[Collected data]

(* Let $X=\mathbb{Z}$, $\beta\in Sym(X)$ the translation $x\mapsto x+1$, and $n,m\geq1$. Let $c=c(a_1,\dots,a_n,b)$ be a nontrivial cyclically reduced word in the free group $\mathbb{F}_{n+1}=\langle a_1,\dots,a_n,b\rangle$ with exponent sum of $b$ equal to zero, and $d=d(a'_1,\dots,a'_m,b')$ a nontrivial cyclically reduced word in $\mathbb{F}_{m+1}=\langle a'_1,\dots,a'_m,b'\rangle$ with exponent sum of $b'$ equal to zero. Let $\alpha=(\alpha_1,\dots,\alpha_n)\in Sym(X)^n$ be such that, for the action of $\mathbb{F}_{n+1}$ on $X$ given by $a_i\mapsto\alpha_i$, $b\mapsto\beta$, and with $c$ acting as $c(\alpha_1,\dots,\alpha_n,\beta)$: the action is faithful and transitive; for every $w\in\mathbb{F}_{n+1}\setminus\langle c\rangle$ there are infinitely many $x$ with $cx=x$, $cwx=wx$, $wx\neq x$; there is a Følner sequence $(A_k)_{k\geq1}$ for this action consisting of pairwise disjoint sets with $|A_k|=k$, each pointwise fixed by $c$; for every $k\geq1$ there are infinitely many $\langle c\rangle$-orbits of size $k$; every $\langle c\rangle$-orbit is finite; and every finite index subgroup of $\mathbb{F}_{n+1}$ acts transitively. Let $\alpha'=(\alpha'_1,\dots,\alpha'_m)\in Sym(X)^m$ satisfy the same properties for $\mathbb{F}_{m+1}$ (via $a'_j\mapsto\alpha'_j$, $b'\mapsto\beta$) and $d$, with Følner sequence $(B_k)_{k\geq1}$. Let $Z=\{\sigma\in Sym(X):\sigma\, c(\alpha,\beta)=d(\alpha',\beta)\,\sigma\}$, a closed subset of $Sym(X)$ (topology of pointwise convergence). For $\sigma\in Z$, let $\Gamma=\mathbb{F}_{n+1}\ast_{c=d}\mathbb{F}_{m+1}$ act on $X$ by $g\cdot x=g(\alpha,\beta)x$ for $g\in\mathbb{F}_{n+1}$ and $h\cdot x=\sigma^{-1}h(\alpha',\beta)\sigma x$ for $h\in\mathbb{F}_{m+1}$. Then the set $\mathcal{O}_1=\{\sigma\in Z:\text{this action of }\Gamma\text{ on }X\text{ is faithful}\}$ is generic in $Z$.
   Context: A subset of a Baire space is meagre if it is a countable union of closed sets with empty interior, and generic (dense $G_\delta$) if its complement is meagre. $Z$ is closed in the Polish space $Sym(X)$, hence a Baire space. A sequence $(A_k)$ of finite non-empty subsets is Følner for an action of $\Gamma$ if $|A_k\triangle gA_k|/|A_k|\to0$ for all $g\in\Gamma$. $\mathbb{F}_{n+1}\ast_{c=d}\mathbb{F}_{m+1}$ denotes the amalgamated free product identifying $\langle c\rangle$ with $\langle d\rangle$ via $c\mapsto d$. *)

From mathcomp Require Import all_boot all_order all_algebra.
From Stdlib Require Import Relations.
Set Implicit Arguments. Unset Strict Implicit. Unset Printing Implicit Defensive.
Import Order.TTheory GRing.Theory Num.Theory.
Local Open Scope ring_scope.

• TASK: Print the data above exactly.

• TASK RESPONSE:
(* Let $X=\mathbb{Z}$, $\beta\in Sym(X)$ the translation $x\mapsto x+1$, and $n,m\geq1$. Let $c=c(a_1,\dots,a_n,b)$ be a nontrivial cyclically reduced word in the free group $\mathbb{F}_{n+1}=\langle a_1,\dots,a_n,b\rangle$ with exponent sum of $b$ equal to zero, and $d=d(a'_1,\dots,a'_m,b')$ a nontrivial cyclically reduced word in $\mathbb{F}_{m+1}=\langle a'_1,\dots,a'_m,b'\rangle$ with exponent sum of $b'$ equal to zero. Let $\alpha=(\alpha_1,\dots,\alpha_n)\in Sym(X)^n$ be such that, for the action of $\mathbb{F}_{n+1}$ on $X$ given by $a_i\mapsto\alpha_i$, $b\mapsto\beta$, and with $c$ acting as $c(\alpha_1,\dots,\alpha_n,\beta)$: the action is faithful and transitive; for every $w\in\mathbb{F}_{n+1}\setminus\langle c\rangle$ there are infinitely many $x$ with $cx=x$, $cwx=wx$, $wx\neq x$; there is a Følner sequence $(A_k)_{k\geq1}$ for this action consisting of pairwise disjoint sets with $|A_k|=k$, each pointwise fixed by $c$; for every $k\geq1$ there are infinitely many $\langle c\rangle$-orbits of size $k$; every $\langle c\rangle$-orbit is finite; and every finite index subgroup of $\mathbb{F}_{n+1}$ acts transitively. Let $\alpha'=(\alpha'_1,\dots,\alpha'_m)\in Sym(X)^m$ satisfy the same properties for $\mathbb{F}_{m+1}$ (via $a'_j\mapsto\alpha'_j$, $b'\mapsto\beta$) and $d$, with Følner sequence $(B_k)_{k\geq1}$. Let $Z=\{\sigma\in Sym(X):\sigma\, c(\alpha,\beta)=d(\alpha',\beta)\,\sigma\}$, a closed subset of $Sym(X)$ (topology of pointwise convergence). For $\sigma\in Z$, let $\Gamma=\mathbb{F}_{n+1}\ast_{c=d}\mathbb{F}_{m+1}$ act on $X$ by $g\cdot x=g(\alpha,\beta)x$ for $g\in\mathbb{F}_{n+1}$ and $h\cdot x=\sigma^{-1}h(\alpha',\beta)\sigma x$ for $h\in\mathbb{F}_{m+1}$. Then the set $\mathcal{O}_1=\{\sigma\in Z:\text{this action of }\Gamma\text{ on }X\text{ is faithful}\}$ is generic in $Z$.
   Context: A subset of a Baire space is meagre if it is a countable union of closed sets with empty interior, and generic (dense $G_\delta$) if its complement is meagre. $Z$ is closed in the Polish space $Sym(X)$, hence a Baire space. A sequence $(A_k)$ of finite non-empty subsets is Følner for an action of $\Gamma$ if $|A_k\triangle gA_k|/|A_k|\to0$ for all $g\in\Gamma$. $\mathbb{F}_{n+1}\ast_{c=d}\mathbb{F}_{m+1}$ denotes the amalgamated free product identifying $\langle c\rangle$ with $\langle d\rangle$ via $c\mapsto d$. *)

From mathcomp Require Import all_boot all_order all_algebra.
From Stdlib Require Import Relations.
Set Implicit Arguments. Unset Strict Implicit. Unset Printing Implicit Defensive.
Import Order.TTheory GRing.Theory Num.Theory.
Local Open Scope ring_scope.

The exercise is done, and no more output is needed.